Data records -
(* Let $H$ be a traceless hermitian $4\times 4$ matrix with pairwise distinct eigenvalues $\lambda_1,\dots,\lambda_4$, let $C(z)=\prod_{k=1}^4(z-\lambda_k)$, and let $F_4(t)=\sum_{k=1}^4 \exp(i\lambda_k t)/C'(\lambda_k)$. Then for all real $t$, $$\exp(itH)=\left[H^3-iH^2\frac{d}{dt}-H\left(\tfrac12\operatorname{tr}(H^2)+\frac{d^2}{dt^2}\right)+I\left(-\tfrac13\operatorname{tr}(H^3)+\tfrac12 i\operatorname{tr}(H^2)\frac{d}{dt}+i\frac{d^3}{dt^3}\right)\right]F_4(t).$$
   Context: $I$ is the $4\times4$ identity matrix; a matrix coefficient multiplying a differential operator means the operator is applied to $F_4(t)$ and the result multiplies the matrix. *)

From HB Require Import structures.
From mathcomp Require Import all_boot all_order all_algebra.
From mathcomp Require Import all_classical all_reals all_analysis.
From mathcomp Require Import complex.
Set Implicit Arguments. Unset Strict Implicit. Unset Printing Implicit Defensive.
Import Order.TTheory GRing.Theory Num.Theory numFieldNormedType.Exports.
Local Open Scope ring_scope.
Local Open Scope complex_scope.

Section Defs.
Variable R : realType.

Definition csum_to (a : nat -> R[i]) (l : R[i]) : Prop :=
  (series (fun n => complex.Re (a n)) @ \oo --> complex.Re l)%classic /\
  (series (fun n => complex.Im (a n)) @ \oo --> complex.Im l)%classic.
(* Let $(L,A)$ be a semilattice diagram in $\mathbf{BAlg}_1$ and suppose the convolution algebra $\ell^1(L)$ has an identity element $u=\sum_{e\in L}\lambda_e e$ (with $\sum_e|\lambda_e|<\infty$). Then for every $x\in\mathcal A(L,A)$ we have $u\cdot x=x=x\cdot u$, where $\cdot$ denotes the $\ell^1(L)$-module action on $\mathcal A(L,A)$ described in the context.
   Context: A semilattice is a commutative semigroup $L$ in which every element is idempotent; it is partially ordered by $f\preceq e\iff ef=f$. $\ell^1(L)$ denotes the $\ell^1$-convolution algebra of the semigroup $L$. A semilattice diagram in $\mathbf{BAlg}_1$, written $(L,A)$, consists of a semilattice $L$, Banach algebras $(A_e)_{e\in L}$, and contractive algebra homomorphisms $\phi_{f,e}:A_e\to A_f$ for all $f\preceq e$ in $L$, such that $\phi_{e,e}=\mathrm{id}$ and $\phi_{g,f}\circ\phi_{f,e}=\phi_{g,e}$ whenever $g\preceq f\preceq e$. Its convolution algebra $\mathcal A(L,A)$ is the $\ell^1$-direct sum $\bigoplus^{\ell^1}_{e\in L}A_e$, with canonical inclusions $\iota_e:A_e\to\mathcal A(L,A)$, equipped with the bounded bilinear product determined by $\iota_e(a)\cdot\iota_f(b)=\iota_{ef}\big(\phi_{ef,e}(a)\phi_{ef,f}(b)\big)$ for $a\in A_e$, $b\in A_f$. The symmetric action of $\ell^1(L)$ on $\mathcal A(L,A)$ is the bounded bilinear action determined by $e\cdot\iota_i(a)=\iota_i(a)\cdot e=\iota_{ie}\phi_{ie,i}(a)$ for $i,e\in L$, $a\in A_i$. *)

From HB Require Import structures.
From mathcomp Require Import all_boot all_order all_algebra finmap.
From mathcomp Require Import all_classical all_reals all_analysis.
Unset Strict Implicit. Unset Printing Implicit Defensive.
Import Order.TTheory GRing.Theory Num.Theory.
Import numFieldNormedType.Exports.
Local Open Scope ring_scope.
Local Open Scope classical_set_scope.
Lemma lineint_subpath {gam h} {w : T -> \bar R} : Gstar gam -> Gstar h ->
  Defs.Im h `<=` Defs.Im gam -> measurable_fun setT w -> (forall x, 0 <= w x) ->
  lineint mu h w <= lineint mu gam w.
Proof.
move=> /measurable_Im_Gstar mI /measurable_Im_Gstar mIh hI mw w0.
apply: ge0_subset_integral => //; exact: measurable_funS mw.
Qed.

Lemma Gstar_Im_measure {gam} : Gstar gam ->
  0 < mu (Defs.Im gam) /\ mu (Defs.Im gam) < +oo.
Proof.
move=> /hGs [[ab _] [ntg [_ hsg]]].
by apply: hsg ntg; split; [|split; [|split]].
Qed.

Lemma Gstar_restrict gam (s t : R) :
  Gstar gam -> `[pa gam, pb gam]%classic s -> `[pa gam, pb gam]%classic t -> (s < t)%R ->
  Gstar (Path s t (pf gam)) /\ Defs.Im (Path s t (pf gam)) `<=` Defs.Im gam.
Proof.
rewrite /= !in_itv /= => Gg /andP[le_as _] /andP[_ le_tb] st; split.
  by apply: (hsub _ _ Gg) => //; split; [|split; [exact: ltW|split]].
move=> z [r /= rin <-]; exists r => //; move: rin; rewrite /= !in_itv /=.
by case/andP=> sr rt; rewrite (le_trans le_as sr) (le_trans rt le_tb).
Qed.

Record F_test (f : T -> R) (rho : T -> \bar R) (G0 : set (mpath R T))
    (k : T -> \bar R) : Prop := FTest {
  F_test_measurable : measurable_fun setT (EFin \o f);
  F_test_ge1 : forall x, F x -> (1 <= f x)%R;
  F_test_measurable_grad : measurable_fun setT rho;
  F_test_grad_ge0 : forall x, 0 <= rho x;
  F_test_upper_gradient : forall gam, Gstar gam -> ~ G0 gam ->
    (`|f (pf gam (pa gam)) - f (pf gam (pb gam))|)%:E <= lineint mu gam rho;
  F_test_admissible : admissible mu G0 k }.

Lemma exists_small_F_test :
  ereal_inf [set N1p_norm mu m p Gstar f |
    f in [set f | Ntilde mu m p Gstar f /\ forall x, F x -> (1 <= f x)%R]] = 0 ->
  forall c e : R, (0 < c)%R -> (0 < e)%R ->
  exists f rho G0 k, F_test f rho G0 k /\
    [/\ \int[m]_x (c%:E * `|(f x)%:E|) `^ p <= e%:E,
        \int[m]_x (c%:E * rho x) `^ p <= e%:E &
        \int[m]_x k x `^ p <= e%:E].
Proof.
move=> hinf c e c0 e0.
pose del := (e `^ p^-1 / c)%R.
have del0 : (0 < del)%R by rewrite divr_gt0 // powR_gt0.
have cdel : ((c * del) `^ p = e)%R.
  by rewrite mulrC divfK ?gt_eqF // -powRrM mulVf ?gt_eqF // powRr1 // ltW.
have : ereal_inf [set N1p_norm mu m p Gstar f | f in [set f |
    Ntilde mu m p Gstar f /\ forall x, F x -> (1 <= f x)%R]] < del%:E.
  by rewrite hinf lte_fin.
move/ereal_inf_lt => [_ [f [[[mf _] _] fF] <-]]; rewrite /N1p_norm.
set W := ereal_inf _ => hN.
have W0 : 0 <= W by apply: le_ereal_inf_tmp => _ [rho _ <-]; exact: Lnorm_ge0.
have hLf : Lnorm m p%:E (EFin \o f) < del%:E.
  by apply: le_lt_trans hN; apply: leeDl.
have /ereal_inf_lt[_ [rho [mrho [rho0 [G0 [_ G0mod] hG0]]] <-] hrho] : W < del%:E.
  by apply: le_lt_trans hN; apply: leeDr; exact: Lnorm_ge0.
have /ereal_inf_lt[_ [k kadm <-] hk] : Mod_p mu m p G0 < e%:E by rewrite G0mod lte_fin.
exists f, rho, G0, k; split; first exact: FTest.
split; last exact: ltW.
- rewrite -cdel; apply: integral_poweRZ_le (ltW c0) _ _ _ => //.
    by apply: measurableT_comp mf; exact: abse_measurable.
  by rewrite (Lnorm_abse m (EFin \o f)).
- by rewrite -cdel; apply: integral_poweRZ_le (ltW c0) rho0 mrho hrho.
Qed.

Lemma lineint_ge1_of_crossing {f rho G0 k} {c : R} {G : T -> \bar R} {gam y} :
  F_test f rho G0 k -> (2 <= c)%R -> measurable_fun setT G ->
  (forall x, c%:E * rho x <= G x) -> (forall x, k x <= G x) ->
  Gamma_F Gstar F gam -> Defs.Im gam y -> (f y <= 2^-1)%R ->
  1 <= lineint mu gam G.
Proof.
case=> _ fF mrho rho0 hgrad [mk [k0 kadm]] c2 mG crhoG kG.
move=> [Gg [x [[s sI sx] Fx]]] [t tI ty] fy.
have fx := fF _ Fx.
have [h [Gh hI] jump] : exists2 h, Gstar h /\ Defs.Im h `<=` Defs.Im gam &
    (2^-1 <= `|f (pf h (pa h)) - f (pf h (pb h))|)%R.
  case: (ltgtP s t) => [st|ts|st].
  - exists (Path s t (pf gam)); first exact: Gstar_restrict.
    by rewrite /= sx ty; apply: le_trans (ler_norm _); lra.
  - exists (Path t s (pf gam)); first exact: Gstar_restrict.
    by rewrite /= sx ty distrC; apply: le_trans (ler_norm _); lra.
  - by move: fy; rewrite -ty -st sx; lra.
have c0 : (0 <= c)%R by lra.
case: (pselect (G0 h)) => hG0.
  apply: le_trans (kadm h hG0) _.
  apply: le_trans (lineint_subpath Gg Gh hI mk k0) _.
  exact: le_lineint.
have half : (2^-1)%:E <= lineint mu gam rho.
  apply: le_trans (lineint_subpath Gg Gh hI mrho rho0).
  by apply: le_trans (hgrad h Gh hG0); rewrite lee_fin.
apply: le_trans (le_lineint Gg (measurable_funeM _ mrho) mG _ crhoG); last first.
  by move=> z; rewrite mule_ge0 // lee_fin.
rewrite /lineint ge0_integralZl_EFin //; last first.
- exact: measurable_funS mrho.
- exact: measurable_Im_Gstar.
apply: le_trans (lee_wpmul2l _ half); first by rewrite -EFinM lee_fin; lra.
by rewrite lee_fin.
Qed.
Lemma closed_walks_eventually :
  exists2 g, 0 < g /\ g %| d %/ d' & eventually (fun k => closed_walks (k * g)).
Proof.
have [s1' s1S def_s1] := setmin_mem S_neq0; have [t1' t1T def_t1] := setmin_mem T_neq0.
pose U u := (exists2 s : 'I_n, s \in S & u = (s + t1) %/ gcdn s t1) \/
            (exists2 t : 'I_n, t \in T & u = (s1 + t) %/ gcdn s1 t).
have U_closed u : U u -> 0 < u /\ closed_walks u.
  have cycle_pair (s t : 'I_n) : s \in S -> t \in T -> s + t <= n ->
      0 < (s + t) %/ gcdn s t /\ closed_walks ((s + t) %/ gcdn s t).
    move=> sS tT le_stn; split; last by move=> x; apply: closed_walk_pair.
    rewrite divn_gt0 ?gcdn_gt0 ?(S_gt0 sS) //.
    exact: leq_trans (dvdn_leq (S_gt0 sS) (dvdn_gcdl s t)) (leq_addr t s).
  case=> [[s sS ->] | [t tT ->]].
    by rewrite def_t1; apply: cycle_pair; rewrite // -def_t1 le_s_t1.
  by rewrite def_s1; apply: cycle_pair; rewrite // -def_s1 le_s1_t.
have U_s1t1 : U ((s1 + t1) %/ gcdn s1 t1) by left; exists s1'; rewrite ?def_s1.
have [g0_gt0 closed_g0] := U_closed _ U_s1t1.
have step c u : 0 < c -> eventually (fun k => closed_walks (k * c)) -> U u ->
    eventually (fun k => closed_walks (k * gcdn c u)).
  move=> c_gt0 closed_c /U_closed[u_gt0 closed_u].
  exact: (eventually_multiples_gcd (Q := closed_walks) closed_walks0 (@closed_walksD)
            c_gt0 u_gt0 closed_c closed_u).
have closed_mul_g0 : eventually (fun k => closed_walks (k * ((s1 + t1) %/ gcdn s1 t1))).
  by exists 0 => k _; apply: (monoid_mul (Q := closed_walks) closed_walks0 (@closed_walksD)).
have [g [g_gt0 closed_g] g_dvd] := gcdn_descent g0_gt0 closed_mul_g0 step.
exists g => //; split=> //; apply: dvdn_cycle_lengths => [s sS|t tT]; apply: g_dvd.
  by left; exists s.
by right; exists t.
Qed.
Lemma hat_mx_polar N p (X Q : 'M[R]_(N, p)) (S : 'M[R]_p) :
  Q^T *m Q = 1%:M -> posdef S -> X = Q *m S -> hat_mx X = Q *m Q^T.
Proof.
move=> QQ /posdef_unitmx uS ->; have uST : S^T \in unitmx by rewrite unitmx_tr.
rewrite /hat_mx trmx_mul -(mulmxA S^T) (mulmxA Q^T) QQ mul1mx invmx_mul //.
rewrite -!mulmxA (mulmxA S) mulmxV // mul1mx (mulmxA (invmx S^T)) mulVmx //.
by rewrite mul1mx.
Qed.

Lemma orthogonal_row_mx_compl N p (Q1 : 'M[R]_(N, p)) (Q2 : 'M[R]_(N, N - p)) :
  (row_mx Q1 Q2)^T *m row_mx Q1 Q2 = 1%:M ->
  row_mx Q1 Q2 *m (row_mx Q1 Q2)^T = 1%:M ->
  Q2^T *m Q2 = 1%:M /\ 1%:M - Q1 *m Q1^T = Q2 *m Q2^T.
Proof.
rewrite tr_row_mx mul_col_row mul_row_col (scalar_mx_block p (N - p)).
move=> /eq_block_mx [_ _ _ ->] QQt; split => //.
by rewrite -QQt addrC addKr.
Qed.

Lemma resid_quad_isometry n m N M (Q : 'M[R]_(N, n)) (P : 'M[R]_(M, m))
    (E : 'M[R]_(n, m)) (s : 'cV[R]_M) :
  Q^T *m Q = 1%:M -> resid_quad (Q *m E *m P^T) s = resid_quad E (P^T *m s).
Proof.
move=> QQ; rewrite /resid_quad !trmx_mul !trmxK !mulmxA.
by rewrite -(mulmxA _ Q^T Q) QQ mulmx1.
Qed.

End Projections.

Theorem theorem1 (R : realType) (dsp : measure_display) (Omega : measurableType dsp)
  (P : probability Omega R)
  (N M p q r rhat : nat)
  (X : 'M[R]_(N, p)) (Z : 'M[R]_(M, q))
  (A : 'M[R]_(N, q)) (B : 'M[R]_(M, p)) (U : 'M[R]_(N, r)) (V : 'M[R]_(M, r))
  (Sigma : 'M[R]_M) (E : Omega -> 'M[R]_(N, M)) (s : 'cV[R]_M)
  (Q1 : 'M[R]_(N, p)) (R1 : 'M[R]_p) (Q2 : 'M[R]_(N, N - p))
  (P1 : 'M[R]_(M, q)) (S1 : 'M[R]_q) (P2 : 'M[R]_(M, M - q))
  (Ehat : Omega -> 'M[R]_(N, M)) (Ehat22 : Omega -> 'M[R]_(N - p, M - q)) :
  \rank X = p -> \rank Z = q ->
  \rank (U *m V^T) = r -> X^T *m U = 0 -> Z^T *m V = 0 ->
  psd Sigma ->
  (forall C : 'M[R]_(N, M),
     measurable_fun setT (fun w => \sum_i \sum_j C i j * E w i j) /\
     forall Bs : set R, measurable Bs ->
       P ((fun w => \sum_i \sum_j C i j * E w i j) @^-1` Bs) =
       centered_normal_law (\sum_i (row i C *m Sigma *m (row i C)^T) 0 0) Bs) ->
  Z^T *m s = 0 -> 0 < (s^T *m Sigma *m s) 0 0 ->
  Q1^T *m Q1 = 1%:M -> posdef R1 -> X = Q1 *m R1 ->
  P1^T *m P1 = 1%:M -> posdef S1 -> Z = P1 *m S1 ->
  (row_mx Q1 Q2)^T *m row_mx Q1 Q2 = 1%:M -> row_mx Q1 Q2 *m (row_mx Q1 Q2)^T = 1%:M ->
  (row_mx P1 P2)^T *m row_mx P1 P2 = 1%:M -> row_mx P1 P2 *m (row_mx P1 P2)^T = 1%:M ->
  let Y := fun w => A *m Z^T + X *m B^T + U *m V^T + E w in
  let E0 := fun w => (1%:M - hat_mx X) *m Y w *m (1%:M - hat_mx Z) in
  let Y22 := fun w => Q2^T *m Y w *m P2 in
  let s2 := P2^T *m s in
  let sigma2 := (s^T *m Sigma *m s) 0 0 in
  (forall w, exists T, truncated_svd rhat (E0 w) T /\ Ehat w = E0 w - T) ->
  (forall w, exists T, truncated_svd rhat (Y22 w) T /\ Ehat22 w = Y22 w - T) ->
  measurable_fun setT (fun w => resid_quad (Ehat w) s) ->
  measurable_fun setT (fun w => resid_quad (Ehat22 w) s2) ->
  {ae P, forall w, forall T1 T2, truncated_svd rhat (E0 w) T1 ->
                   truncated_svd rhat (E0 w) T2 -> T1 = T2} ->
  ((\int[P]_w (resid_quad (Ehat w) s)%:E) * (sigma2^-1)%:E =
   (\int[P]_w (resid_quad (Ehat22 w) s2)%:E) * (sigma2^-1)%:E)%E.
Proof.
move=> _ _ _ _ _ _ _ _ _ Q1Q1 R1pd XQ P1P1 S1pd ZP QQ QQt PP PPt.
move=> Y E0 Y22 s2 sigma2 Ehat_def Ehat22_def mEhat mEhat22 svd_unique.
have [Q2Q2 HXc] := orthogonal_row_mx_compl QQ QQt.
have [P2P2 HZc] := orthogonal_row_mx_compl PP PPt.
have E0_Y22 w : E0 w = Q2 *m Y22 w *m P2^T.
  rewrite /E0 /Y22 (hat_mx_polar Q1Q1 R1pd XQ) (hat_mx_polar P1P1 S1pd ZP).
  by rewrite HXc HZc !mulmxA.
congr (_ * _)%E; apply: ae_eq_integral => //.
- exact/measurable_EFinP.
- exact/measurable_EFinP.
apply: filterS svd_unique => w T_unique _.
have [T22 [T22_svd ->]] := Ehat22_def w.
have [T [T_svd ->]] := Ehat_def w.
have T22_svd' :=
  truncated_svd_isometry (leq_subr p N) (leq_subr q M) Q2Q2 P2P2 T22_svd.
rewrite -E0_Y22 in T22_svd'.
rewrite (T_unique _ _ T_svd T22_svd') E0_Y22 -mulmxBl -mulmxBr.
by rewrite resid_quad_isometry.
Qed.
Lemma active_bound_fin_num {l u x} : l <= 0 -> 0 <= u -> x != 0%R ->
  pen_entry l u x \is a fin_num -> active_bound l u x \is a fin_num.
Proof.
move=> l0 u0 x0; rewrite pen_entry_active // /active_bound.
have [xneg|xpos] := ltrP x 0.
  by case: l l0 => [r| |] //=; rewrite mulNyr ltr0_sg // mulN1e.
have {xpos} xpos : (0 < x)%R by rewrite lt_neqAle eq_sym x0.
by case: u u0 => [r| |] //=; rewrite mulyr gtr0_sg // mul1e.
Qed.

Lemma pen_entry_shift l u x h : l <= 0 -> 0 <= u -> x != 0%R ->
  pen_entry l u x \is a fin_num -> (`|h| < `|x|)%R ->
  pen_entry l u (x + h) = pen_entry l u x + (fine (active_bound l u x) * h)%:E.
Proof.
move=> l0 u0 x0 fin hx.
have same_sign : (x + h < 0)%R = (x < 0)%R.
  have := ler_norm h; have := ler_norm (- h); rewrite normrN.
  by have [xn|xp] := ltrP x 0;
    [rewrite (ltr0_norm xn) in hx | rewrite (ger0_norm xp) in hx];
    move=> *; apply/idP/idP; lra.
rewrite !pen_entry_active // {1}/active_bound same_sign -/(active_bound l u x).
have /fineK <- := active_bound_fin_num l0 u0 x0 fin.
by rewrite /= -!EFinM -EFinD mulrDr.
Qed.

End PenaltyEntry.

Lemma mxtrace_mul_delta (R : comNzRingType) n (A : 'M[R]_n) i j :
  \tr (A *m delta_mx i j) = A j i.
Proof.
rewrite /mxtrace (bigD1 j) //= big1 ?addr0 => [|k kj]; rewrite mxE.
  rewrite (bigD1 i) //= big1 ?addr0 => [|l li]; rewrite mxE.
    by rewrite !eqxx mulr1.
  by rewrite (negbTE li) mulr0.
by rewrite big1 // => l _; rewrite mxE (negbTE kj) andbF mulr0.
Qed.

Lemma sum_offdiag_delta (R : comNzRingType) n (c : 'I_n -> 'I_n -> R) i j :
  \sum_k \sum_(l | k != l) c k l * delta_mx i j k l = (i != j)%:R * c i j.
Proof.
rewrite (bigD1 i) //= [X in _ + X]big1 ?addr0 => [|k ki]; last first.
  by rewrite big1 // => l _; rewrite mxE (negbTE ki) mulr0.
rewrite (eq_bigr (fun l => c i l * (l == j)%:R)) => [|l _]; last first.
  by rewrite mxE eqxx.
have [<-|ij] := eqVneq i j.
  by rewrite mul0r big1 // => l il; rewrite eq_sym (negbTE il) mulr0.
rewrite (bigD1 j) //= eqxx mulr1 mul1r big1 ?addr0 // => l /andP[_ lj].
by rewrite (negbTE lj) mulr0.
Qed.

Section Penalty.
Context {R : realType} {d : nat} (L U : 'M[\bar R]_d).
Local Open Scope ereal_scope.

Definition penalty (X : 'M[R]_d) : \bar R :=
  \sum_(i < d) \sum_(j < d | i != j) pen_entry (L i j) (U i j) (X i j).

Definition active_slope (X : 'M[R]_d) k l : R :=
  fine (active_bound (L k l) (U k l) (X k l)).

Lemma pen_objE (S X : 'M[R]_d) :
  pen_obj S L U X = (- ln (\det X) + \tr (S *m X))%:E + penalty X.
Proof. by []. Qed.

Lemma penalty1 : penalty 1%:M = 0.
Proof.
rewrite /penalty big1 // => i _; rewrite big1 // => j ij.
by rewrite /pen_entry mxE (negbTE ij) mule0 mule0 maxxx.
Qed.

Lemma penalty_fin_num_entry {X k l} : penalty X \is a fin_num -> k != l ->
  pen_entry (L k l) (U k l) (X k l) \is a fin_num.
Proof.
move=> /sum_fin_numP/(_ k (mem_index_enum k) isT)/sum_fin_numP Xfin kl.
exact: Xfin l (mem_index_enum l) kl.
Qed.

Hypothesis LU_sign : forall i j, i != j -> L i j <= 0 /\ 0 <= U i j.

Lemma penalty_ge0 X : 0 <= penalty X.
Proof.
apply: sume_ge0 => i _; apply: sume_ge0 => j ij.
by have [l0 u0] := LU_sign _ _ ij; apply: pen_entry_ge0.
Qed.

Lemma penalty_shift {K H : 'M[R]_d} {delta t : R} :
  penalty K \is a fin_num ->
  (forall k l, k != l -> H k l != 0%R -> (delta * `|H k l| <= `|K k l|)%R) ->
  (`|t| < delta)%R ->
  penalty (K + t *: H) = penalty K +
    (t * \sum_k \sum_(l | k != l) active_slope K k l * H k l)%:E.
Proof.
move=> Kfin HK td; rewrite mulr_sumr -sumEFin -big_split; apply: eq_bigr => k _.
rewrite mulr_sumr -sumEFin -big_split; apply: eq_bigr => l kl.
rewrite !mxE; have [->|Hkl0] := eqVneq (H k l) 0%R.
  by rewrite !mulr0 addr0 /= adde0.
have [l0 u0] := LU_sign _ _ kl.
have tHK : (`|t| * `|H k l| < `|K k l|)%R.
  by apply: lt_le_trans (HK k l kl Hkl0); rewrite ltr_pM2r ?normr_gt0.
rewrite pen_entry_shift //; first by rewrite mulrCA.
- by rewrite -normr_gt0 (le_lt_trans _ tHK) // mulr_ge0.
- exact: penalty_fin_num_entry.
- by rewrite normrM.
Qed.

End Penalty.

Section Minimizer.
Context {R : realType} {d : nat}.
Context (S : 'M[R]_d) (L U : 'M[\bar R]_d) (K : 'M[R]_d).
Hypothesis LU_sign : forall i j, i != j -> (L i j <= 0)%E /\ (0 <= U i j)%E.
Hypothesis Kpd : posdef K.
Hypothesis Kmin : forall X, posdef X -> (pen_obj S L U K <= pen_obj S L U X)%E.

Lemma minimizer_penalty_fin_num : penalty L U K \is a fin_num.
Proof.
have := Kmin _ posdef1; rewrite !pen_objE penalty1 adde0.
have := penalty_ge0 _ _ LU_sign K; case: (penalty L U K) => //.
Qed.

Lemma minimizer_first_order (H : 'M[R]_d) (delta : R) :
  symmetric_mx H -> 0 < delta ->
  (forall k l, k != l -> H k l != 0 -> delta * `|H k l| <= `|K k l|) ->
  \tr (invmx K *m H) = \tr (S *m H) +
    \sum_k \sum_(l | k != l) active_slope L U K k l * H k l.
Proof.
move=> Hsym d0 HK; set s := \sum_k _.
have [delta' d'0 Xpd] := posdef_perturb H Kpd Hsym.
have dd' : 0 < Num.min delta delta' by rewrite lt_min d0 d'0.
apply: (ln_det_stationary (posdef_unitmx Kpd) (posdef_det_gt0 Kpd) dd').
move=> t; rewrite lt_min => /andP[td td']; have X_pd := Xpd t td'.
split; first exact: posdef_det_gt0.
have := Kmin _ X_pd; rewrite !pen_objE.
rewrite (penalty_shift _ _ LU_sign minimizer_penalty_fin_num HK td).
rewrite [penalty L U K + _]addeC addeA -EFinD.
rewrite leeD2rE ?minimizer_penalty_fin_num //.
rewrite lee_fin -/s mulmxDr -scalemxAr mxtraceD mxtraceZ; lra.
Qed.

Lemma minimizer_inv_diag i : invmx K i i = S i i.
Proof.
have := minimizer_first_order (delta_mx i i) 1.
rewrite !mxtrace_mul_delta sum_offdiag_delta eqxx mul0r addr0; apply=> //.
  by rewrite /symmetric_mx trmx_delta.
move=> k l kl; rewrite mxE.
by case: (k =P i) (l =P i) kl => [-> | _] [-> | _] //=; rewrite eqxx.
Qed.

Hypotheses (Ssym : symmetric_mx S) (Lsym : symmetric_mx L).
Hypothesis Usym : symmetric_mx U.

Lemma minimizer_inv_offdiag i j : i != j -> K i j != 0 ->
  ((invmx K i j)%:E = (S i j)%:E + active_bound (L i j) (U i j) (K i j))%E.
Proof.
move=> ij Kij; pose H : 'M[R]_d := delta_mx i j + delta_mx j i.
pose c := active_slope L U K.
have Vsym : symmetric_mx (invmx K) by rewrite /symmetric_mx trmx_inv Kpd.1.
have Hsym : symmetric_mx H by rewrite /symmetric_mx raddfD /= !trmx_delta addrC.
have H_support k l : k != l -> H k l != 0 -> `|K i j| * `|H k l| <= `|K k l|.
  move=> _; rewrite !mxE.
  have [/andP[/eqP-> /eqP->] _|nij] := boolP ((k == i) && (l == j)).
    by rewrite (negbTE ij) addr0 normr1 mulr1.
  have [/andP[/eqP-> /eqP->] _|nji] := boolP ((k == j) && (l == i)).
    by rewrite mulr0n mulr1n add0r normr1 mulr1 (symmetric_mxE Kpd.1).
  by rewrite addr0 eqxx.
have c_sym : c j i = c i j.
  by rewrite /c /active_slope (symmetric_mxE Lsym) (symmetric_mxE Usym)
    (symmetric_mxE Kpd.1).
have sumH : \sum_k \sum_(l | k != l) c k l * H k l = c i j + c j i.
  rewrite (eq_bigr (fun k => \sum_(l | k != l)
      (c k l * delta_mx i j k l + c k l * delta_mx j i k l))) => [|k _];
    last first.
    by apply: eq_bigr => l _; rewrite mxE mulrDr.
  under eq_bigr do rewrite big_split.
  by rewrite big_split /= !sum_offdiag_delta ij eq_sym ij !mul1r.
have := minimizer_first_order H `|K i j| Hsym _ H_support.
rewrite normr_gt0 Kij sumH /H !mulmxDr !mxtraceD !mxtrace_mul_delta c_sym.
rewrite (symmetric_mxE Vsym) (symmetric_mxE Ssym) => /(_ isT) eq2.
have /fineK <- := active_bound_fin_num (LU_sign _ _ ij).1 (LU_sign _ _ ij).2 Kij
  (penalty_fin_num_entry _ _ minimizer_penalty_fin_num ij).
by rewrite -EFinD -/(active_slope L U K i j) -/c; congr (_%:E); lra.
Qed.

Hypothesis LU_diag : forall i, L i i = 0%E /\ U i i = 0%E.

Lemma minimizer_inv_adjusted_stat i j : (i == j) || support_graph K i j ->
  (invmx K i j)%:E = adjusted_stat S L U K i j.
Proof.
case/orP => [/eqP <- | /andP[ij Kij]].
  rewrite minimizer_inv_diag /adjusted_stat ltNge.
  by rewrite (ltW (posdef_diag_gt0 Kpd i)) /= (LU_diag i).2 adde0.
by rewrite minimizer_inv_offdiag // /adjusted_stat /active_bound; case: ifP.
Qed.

EXERCISE BRIEF - Starting at the line that has "have c0 : (0 <= c)%R by lra." in the records above, restate word for word every line until the one that has "by apply: le_trans", and include that one as well.

YOUR SOLUTION -
have c0 : (0 <= c)%R by lra.
case: (pselect (G0 h)) => hG0.
  apply: le_trans (kadm h hG0) _.
  apply: le_trans (lineint_subpath Gg Gh hI mk k0) _.
  exact: le_lineint.
have half : (2^-1)%:E <= lineint mu gam rho.
  apply: le_trans (lineint_subpath Gg Gh hI mrho rho0).
  by apply: le_trans (hgrad h Gh hG0); rewrite lee_fin.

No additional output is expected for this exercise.